Abstract

We introduce the notion of \(J\)-Hermitianity of a matrix, as a generalization of Hermitianity, and, more generally, of closure by \(J\)-Hermitianity of a set of matrices. Many well known algebras, like upper and lower triangular Toeplitz, Circulants and \(\tau \) matrices, as well as certain algebras that have dimension higher than the matrix order, turn out to be closed by \(J\)-Hermitianity. As an application, we generalize some theorems about displacement decompositions presented in [1, 2], by assuming the matrix algebras involved closed by \(J\)-Hermitianity.
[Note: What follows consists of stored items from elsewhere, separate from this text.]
(* Let $\Lambda\in(\mathbb{R}\setminus\{0\})^n$ and let $h$ be a real-valued function in $C^{1,1}_{\mathrm{loc}}(\mathbb{C}^n)$, and set $P=2\mathbf{i}\,\partial h/\partial\bar z$. Then the limit $$\langle h\rangle(a)=\lim_{T\to\pm\infty}\frac{1}{|T|}\int_0^T h(\Phi_{-\Lambda t}a)\,dt$$ exists for all $a\in\mathbb{C}^n$, $\langle h\rangle\in C^{1,1}_{\mathrm{loc}}(\mathbb{C}^n)$, and for every $1\le j\le n$, $$2\mathbf{i}\frac{\partial}{\partial\bar a_j}\langle h\rangle(a)=\langle\langle P\rangle\rangle_j(a).$$ That is, the effective equation $\partial_\tau a=\langle\langle P\rangle\rangle(a)$ is Hamiltonian with Hamiltonian $\langle h\rangle$.
   Context: $C^{1,1}_{\mathrm{loc}}(\mathbb{C}^n)=\{u\in C^1(\mathbb{C}^n): u_z,u_{\bar z}\text{ are locally Lipschitz}\}$. $\partial/\partial\bar z_j=\frac12(\partial_{x_j}+\mathbf{i}\partial_{y_j})$ for $z_j=x_j+\mathbf{i}y_j$. $\Phi_w=\mathrm{diag}(e^{\mathbf{i}w_1},\dots,e^{\mathbf{i}w_n})$. $\langle\langle P\rangle\rangle(a)=\lim_{T\to\pm\infty}\frac1{|T|}\int_0^T\Phi_{\Lambda t}P(\Phi_{-\Lambda t}a)\,dt$ (for $T<0$, $\int_0^T$ means $\int_T^0$). *)

From Stdlib Require Import Reals.
From mathcomp Require Import ssreflect ssrbool eqtype ssrnat fintype.
Open Scope R_scope.

(* Complex numbers as pairs (Re, Im). *)
Definition C : Type := (R * R)%type.
Definition Cmul (z w : C) : C :=
  (fst z * fst w - snd z * snd w, fst z * snd w + snd z * fst w).
Definition Csub (z w : C) : C := (fst z - fst w, snd z - snd w).
Definition Cnorm (z : C) : R := sqrt (fst z ^ 2 + snd z ^ 2).
Definition Cexpi (th : R) : C := (cos th, sin th).

Definition Cn (n : nat) : Type := 'I_n -> C.

Definition Phi {n : nat} (w : 'I_n -> R) (a : Cn n) : Cn n :=
  fun j => Cmul (Cexpi (w j)) (a j).

Definition upd {n : nat} (a : Cn n) (j : 'I_n) (c : C) : Cn n :=
  fun k => if k == j then c else a k.

Definition pd_x {n : nat} (f : Cn n -> R) (a : Cn n) (j : 'I_n) (l : R) : Prop :=
  derivable_pt_lim (fun s => f (upd a j (s, snd (a j)))) (fst (a j)) l.
Definition pd_y {n : nat} (f : Cn n -> R) (a : Cn n) (j : 'I_n) (l : R) : Prop :=
  derivable_pt_lim (fun s => f (upd a j (fst (a j), s))) (snd (a j)) l.
(* Let $m,n$ be positive integers and let $u\in\{1,s_0,\dots,s_{m-1},t_1,\dots,t_{n-2}\}$. Then $$\deg_u(1)\le\deg_u(x_1)\le\dots\le\deg_u(x_{m-1})\le\deg_u(y_1)\le\dots\le\deg_u(y_{n-1})\le\deg_u(x_1y_1)\le\deg_u(x_1y_2)\le\dots\le\deg_u(x_1y_{n-1})\le\deg_u(x_2y_1)\le\dots\le\deg_u(x_{m-1}y_{n-1}).$$
   Context: Variables $s_0,\dots,s_{m-1},t_1,\dots,t_{n-2}$; $T=t_1\cdots t_{n-2}$. Monomials $x_i=s_1s_2\cdots s_i\,T^i$ for $1\le i\le m-1$ and $y_j=s_0s_1\cdots s_{m-1}\,T^{m-1}\,t_1\cdots t_{j-1}$ for $1\le j\le n-1$. For a monomial $M$ and a variable $u$, $\deg_u(M)$ is the exponent of $u$ in $M$ (and $\deg_1(M)$ is taken to be $0$). The products $x_iy_j$ are listed in lexicographic order of $(i,j)$. *)

From mathcomp Require Import all_boot.
Set Implicit Arguments. Unset Strict Implicit. Unset Printing Implicit Defensive.

Inductive var := sv of nat | tv of nat.

(* A monomial is represented by its exponent vector: M v = deg_v(M). *)
Definition monom := var -> nat.
Definition mone : monom := fun _ => 0.
Definition mmul (a b : monom) : monom := fun v => a v + b v.
Definition mvar (v : var) : monom := fun w =>
  match v, w with
  | sv i, sv j => nat_of_bool (i == j)
  | tv i, tv j => nat_of_bool (i == j)
  | _, _ => 0
  end.
Definition mprod (s : seq monom) : monom := foldr mmul mone s.
Definition mpow (a : monom) (e : nat) : monom := mprod (nseq e a).

Definition Tm (n : nat) : monom := mprod [seq mvar (tv l) | l <- iota 1 (n - 2)].
Definition xm (n i : nat) : monom :=
  mmul (mprod [seq mvar (sv k) | k <- iota 1 i]) (mpow (Tm n) i).
Definition ym (m n j : nat) : monom :=
  mmul (mmul (mprod [seq mvar (sv k) | k <- iota 0 m]) (mpow (Tm n) (m - 1)))
       (mprod [seq mvar (tv l) | l <- iota 1 (j - 1)]).

(* deg_u; u = None stands for the "variable" 1, with deg_1 = 0 *)
Definition deg (u : option var) (M : monom) : nat :=
  match u with None => 0 | Some v => M v end.

Definition chain (m n : nat) : seq monom :=
  [:: mone] ++ [seq xm n i | i <- iota 1 (m - 1)]
  ++ [seq ym m n j | j <- iota 1 (n - 1)]
  ++ flatten [seq [seq mmul (xm n i) (ym m n j) | j <- iota 1 (n - 1)]
             | i <- iota 1 (m - 1)].

(** Every monomial of the chain is [x_i], [y_j] or [x_i y_j], so its degree in
    a fixed [u] is [f i], [g j] or [f i + g j] with [f i = deg_u x_i] and
    [g j = deg_u y_j].  For [u = s_k] one finds [f i = [1 <= k <= i]] and
    [g j = 1]; for [u = t_l] one finds [f i = i] and [g j = m - 1 + [l < j]].
    In both cases [f] and [g] are nondecreasing, [f <= g], [g j <= f i + g j']
    (the jump of [g] is at most [1 <= f i]) and [f i + g j <= f i' + g j'] for
    [i < i'], which are exactly the comparisons needed along the lexicographic
    chain. *)

From mathcomp Require Import all_boot zify.

Lemma mmulE (a b : monom) v : mmul a b v = a v + b v.
Proof. by []. Qed.

Lemma mprodE s v : mprod s v = sumn [seq M v | M <- s].
Proof. by elim: s => //= a s IH; rewrite mmulE IH. Qed.

Lemma mpowE a e v : mpow a e v = e * a v.
Proof. rewrite /mpow mprodE; elim: e => //= e ->; lia. Qed.

Lemma sumn_indicator_iota a b k :
  sumn [seq nat_of_bool (i == k) | i <- iota a b] = (a <= k < a + b).
Proof.
elim: b a => [|b IH] a /=; first by rewrite addn0; case: leqP => //= a_le_k; lia.
by rewrite IH; case: eqP => [->|i_neq_k] /=; lia.
Qed.

Lemma sumn_zero_iota a b : sumn [seq 0 | i <- iota a b] = 0.
Proof. by elim: b a => //= b IH a; rewrite IH. Qed.

Lemma Tm_sv n k : Tm n (sv k) = 0.
Proof. by rewrite /Tm mprodE -map_comp sumn_zero_iota. Qed.

Lemma Tm_tv n l : Tm n (tv l) = (1 <= l < 1 + (n - 2)).
Proof. by rewrite /Tm mprodE -map_comp sumn_indicator_iota. Qed.

Lemma xm_sv n i k : xm n i (sv k) = (1 <= k < 1 + i).
Proof. by rewrite /xm mmulE mpowE Tm_sv muln0 addn0 mprodE -map_comp sumn_indicator_iota. Qed.

Lemma xm_tv n i l : xm n i (tv l) = i * (1 <= l < 1 + (n - 2)).
Proof. by rewrite /xm mmulE mpowE Tm_tv mprodE -map_comp sumn_zero_iota. Qed.

Lemma ym_sv m n j k : ym m n j (sv k) = (k < m).
Proof.
by rewrite /ym !mmulE mpowE Tm_sv muln0 !mprodE -!map_comp sumn_zero_iota
  sumn_indicator_iota !addn0.
Qed.

Lemma ym_tv m n j l :
  ym m n j (tv l) = (m - 1) * (1 <= l < 1 + (n - 2)) + (1 <= l < 1 + (j - 1)).
Proof.
by rewrite /ym !mmulE mpowE Tm_tv !mprodE -!map_comp sumn_zero_iota
  sumn_indicator_iota.
Qed.

Lemma deg_mmul u a b : deg u (mmul a b) = deg u a + deg u b.
Proof. by case: u. Qed.

Definition lex_chain (f g : nat -> nat) (m n : nat) : seq nat :=
  0 :: [seq f i | i <- iota 1 (m - 1)] ++ [seq g j | j <- iota 1 (n - 1)]
    ++ flatten [seq [seq f i + g j | j <- iota 1 (n - 1)] | i <- iota 1 (m - 1)].

Lemma deg_chain u m n :
  [seq deg u M | M <- chain m n] =
  lex_chain (fun i => deg u (xm n i)) (fun j => deg u (ym m n j)) m n.
Proof.
rewrite /chain /lex_chain /= !map_cat map_flatten -!map_comp.
congr (_ :: _ ++ _ ++ flatten _); first by case: u.
by apply: eq_map => i /=; rewrite -map_comp; apply: eq_map => j /=; rewrite deg_mmul.
Qed.

Lemma pairwise_iota (r : rel nat) a b :
  (forall i j, a <= i -> i < j -> j < a + b -> r i j) -> pairwise r (iota a b).
Proof.
elim: b a => [|b IH] a r_iota //=; apply/andP; split.
  by apply/allP => j; rewrite mem_iota => /andP[? ?]; apply: r_iota; lia.
by apply: IH => i j *; apply: r_iota; lia.
Qed.

Lemma mem_map_iota1 (h : nat -> nat) k z :
  z \in [seq h i | i <- iota 1 (k - 1)] -> exists2 i, 0 < i < k & z = h i.
Proof. by move=> /mapP[i]; rewrite mem_iota => ? ->; exists i => //; lia. Qed.

Section LexChain.

Variables (f g : nat -> nat) (m n : nat).

Hypothesis f_mono : forall i i', 0 < i <= i' -> i' < m -> f i <= f i'.
Hypothesis f_le_g : forall i j, 0 < i < m -> 0 < j < n -> f i <= g j.
Hypothesis g_mono : forall j j', 0 < j <= j' -> j' < n -> g j <= g j'.
Hypothesis g_le_fg :
  forall i j j', 0 < i < m -> 0 < j < n -> 0 < j' < n -> g j <= f i + g j'.
Hypothesis fg_lex : forall i i' j j', 0 < i < i' -> i' < m ->
  0 < j < n -> 0 < j' < n -> f i + g j <= f i' + g j'.

Let products := flatten [seq [seq f i + g j | j <- iota 1 (n - 1)] | i <- iota 1 (m - 1)].

Lemma mem_products z :
  z \in products -> exists i j, [/\ 0 < i < m, 0 < j < n & z = f i + g j].
Proof.
move=> /flatten_mapP[i]; rewrite mem_iota => ? /mem_map_iota1[j ? ->].
by exists i, j; split => //; lia.
Qed.

Lemma pairwise_products_from a : 0 < a ->
  pairwise leq (flatten [seq [seq f i + g j | j <- iota 1 (n - 1)] | i <- iota a (m - a)]).
Proof.
move Ec : (m - a) => c; elim: c a Ec => [|c IH] a Ec a_gt0 //=.
rewrite pairwise_cat; apply/and3P; split.
- apply/allrelP => x y /mem_map_iota1[j ? ->] /flatten_mapP[i].
  by rewrite mem_iota => ? /mem_map_iota1[j' ? ->]; apply: fg_lex; lia.
- rewrite pairwise_map; apply: pairwise_iota => j j' *.
  by rewrite /relpre /= leq_add2l; apply: g_mono; lia.
- by apply: IH; lia.
Qed.

Lemma sorted_lex_chain : sorted leq (lex_chain f g m n).
Proof.
apply: pairwise_sorted; rewrite pairwise_cons; apply/andP; split; first exact/allP.
rewrite !pairwise_cat !pairwise_map -/products; apply/and3P; split.
- rewrite allrel_catr; apply/andP; split; apply/allrelP => x y.
    by move=> /mem_map_iota1[i ? ->] /mem_map_iota1[j ? ->]; apply: f_le_g.
  move=> /mem_map_iota1[i ? ->] /mem_products[i' [j [? ? ->]]].
  by apply: leq_trans (leq_addl (f i') (g j)); apply: f_le_g.
- by apply: pairwise_iota => i i' *; apply: f_mono; lia.
- apply/and3P; split.
  + by apply/allrelP => x y /mem_map_iota1[j ? ->] /mem_products[i [j' [? ? ->]]]; apply: g_le_fg.
  + by apply: pairwise_iota => j j' *; apply: g_mono; lia.
  + exact: pairwise_products_from.
Qed.

End LexChain.

Theorem mainTheorem18 (m n : nat) (u : option var) :
  0 < m -> 0 < n ->
  (u = None \/ (exists k, k < m /\ u = Some (sv k))
            \/ (exists l, 1 <= l <= n - 2 /\ u = Some (tv l))) ->
  sorted leq [seq deg u M | M <- chain m n].
Proof.
move=> m_gt0 n_gt0 hu; rewrite deg_chain.
case: hu => [->|[[k [k_lt_m ->]]|[l [l_range ->]]]].
- exact: sorted_lex_chain.
- by apply: sorted_lex_chain => /= *; rewrite ?xm_sv ?ym_sv; lia.
- by apply: sorted_lex_chain => /= *; rewrite ?xm_tv ?ym_tv; lia.
Qed.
Even if such hypothesis on the structure is not necessary in the case of algebras generated by one matrix, as it has been proved in [3], our result is relevant because it could yield new low complexity displacement formulas involving not one-matrix-generated commutative algebras.

中文翻译：

---

位移公式中由 J 厄米封闭的代数

摘要

我们引入了矩阵的\(J\) -Hermitianity的概念，作为 Hermitianity 的推广，更一般地说，是一组矩阵的\(J\) -Hermitianity 的闭包。许多著名的代数，如上三角和下三角 Toeplitz、循环和\(\tau \)矩阵，以及维数高于矩阵阶数的某些代数，结果证明是由\(J\) -Hermitianity 封闭的。作为一个应用，我们通过假设所涉及的矩阵代数被\(J\)封闭，从而概括了 [1, 2] 中提出的一些关于位移分解的定理-厄密性。即使在由一个矩阵生成的代数的情况下，这种结构假设不是必需的，正如在 [3] 中所证明的那样，我们的结果是相关的，因为它可以产生新的低复杂度位移公式，而不涉及一个矩阵生成交换代数。